REQUIREMENT>
Among the lines below, copy exactly those from the one with "Lemma int_idempotent_rowspace n" through the one with "diag_mx dd *m R.", counting both ends.

EXERCISE DATA>
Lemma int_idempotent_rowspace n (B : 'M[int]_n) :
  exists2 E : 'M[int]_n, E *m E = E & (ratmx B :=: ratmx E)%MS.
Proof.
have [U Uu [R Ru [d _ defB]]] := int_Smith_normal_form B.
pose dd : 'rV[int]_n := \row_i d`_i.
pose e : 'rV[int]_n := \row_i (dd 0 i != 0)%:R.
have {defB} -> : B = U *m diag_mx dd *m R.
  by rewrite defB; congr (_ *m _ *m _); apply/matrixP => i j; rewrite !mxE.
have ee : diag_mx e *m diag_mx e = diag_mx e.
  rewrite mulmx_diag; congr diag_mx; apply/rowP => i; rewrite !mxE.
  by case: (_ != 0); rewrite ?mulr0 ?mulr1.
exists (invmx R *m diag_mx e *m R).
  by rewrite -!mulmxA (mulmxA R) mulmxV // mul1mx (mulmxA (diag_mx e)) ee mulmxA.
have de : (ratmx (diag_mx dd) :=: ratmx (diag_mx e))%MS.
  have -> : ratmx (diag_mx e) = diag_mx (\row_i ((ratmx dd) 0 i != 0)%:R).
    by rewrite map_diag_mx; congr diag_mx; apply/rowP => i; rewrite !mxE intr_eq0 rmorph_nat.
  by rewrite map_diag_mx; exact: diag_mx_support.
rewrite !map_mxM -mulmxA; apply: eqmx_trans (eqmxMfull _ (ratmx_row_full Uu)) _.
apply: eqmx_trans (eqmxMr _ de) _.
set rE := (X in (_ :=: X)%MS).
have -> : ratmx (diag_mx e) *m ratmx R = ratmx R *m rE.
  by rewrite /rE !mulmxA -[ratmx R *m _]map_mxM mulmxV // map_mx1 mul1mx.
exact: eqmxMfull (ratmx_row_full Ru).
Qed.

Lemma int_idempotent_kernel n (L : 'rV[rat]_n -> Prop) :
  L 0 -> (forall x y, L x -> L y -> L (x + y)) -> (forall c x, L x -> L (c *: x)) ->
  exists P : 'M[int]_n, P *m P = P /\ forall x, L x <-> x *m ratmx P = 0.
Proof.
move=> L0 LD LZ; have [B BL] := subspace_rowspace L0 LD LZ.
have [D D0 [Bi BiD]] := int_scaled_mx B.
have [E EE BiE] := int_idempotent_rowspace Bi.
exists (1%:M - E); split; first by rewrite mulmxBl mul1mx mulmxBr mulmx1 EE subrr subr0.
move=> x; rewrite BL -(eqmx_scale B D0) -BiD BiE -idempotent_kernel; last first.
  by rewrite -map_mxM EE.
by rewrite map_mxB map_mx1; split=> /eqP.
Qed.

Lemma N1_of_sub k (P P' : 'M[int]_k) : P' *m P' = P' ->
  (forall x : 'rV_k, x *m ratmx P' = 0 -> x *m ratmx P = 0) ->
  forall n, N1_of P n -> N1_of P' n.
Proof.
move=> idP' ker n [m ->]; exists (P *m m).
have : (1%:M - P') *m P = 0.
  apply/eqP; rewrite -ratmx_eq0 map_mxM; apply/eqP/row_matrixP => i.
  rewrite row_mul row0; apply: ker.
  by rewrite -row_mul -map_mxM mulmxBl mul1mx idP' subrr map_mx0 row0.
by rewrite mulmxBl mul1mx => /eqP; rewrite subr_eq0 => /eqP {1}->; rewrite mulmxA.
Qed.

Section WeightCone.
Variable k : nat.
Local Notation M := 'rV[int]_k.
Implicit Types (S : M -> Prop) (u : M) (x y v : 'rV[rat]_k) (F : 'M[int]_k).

* * *

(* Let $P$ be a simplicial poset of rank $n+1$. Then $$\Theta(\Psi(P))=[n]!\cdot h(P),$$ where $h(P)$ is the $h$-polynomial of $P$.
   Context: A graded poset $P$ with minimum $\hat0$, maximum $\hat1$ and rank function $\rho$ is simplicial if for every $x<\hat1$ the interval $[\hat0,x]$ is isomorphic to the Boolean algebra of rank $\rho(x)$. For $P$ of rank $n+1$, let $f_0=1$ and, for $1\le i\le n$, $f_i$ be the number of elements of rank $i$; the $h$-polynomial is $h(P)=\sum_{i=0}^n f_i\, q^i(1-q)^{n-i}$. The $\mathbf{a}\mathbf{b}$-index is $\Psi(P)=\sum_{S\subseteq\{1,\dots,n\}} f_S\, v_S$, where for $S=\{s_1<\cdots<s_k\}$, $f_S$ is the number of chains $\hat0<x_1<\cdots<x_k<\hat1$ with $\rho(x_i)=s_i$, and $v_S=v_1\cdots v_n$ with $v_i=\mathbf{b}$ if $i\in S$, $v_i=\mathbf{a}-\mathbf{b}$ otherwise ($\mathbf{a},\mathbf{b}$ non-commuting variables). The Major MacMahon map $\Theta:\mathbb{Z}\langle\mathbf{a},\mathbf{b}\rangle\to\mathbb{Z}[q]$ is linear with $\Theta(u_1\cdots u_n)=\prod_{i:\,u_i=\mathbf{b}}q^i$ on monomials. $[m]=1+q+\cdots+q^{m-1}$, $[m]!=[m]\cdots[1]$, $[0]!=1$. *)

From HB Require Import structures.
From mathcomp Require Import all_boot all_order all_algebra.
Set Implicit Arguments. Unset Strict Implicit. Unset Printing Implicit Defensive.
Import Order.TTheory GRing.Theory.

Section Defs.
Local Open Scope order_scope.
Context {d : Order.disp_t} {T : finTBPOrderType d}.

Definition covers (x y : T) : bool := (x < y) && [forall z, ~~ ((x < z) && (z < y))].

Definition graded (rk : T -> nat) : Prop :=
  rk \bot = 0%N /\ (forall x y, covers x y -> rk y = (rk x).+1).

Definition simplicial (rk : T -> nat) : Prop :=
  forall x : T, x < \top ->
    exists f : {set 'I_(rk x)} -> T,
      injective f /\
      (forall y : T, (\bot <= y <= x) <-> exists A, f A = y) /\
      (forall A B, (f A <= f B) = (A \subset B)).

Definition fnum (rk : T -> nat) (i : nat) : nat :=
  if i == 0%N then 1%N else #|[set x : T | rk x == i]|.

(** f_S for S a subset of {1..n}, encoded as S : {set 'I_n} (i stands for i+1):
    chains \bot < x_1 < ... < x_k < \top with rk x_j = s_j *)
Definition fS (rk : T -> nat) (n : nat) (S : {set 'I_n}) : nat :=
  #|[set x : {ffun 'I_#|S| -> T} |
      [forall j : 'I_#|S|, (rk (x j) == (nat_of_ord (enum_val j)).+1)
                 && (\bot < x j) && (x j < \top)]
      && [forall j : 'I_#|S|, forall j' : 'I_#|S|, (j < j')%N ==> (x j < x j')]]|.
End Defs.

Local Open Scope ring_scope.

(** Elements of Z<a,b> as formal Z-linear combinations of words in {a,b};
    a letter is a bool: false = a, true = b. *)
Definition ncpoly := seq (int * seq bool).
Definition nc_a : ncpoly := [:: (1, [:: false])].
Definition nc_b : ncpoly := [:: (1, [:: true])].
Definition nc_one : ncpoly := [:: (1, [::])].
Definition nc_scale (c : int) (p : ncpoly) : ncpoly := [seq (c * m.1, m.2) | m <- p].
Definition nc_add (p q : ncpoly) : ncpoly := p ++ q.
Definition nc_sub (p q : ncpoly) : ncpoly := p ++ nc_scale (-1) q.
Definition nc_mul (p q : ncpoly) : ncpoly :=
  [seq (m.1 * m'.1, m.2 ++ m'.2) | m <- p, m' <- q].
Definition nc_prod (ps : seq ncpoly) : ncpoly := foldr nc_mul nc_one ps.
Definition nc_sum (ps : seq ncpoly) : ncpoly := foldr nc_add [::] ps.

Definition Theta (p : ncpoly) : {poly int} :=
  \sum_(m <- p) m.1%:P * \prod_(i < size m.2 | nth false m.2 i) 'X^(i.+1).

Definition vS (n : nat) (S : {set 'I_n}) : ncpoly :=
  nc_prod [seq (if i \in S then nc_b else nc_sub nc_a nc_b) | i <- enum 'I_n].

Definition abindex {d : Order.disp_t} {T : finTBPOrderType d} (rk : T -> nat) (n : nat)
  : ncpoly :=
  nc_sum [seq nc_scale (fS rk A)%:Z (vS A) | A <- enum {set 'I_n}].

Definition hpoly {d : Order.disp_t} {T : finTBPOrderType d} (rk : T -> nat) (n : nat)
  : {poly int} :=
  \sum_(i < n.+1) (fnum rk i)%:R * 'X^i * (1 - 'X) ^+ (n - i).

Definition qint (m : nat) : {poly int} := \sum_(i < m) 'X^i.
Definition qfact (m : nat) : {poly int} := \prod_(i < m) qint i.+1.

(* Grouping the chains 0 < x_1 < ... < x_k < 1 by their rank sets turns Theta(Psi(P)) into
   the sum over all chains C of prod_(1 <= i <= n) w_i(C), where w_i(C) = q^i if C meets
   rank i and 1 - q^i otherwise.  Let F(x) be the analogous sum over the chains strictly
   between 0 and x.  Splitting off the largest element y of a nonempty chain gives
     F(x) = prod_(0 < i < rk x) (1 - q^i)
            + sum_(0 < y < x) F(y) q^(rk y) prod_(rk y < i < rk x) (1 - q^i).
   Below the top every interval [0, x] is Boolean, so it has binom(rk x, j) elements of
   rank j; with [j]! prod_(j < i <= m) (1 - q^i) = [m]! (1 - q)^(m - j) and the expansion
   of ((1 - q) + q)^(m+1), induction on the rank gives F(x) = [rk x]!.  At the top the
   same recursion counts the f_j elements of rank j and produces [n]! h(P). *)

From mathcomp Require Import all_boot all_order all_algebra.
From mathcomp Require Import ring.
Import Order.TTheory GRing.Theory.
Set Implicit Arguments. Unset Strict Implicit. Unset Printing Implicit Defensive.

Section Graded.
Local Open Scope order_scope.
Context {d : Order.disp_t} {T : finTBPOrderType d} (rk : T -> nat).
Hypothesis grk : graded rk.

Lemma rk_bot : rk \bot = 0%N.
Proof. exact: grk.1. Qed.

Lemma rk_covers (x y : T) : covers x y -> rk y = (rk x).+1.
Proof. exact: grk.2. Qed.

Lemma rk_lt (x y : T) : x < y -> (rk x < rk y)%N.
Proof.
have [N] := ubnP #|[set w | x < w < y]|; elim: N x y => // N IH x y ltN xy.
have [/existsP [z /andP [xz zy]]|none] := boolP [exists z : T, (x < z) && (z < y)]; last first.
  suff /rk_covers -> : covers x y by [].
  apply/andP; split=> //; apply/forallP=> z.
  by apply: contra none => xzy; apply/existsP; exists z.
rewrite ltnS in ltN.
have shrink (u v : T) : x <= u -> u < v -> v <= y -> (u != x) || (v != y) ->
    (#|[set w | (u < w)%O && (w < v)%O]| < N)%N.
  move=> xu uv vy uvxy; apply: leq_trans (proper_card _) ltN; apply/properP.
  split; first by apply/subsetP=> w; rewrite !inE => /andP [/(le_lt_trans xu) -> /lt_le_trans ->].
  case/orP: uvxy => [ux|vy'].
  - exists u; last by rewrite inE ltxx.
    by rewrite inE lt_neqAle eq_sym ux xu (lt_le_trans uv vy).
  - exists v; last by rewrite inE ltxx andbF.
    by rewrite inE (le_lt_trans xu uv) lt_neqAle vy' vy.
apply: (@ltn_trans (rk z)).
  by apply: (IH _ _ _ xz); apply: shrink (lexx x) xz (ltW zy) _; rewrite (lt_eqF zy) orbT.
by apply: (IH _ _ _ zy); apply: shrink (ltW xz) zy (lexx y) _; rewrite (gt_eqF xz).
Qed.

---

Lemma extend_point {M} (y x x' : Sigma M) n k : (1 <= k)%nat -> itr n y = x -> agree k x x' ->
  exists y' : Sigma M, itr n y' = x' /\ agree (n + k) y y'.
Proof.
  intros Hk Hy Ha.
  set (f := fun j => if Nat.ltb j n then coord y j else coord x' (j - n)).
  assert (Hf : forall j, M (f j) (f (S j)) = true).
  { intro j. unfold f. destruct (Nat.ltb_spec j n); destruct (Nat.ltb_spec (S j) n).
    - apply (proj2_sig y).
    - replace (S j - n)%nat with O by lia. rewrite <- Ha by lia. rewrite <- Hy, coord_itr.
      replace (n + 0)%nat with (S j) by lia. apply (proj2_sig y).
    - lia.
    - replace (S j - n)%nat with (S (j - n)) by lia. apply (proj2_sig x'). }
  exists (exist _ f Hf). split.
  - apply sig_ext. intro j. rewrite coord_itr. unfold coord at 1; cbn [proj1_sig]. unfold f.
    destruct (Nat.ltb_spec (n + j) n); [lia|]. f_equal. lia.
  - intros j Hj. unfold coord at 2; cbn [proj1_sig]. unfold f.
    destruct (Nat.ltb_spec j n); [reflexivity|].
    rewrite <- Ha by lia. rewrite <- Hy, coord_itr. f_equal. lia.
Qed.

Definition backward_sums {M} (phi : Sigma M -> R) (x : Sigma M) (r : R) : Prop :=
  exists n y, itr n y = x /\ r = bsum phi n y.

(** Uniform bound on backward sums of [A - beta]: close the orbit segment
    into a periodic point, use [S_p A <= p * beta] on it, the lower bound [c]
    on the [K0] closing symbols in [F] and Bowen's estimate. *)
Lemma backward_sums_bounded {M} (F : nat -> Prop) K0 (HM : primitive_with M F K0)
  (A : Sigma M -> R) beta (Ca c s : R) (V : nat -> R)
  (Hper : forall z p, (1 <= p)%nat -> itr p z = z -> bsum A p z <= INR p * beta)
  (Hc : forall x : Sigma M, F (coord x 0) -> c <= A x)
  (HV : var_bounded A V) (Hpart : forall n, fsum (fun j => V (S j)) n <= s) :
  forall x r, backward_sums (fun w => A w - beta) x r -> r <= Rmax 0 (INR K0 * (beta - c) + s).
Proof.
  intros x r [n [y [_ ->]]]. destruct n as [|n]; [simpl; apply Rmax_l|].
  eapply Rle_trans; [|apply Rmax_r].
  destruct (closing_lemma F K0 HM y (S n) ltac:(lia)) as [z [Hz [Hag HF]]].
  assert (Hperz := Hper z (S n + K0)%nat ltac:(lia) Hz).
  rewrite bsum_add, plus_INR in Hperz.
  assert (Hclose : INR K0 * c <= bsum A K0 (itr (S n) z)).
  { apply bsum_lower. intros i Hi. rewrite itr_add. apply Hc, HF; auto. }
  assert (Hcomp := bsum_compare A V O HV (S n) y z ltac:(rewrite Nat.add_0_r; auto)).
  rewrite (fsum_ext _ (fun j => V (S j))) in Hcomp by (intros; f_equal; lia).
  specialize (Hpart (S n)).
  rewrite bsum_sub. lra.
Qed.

WRITTEN ANSWER>
Lemma int_idempotent_rowspace n (B : 'M[int]_n) :
  exists2 E : 'M[int]_n, E *m E = E & (ratmx B :=: ratmx E)%MS.
Proof.
have [U Uu [R Ru [d _ defB]]] := int_Smith_normal_form B.
pose dd : 'rV[int]_n := \row_i d`_i.
pose e : 'rV[int]_n := \row_i (dd 0 i != 0)%:R.
have {defB} -> : B = U *m diag_mx dd *m R.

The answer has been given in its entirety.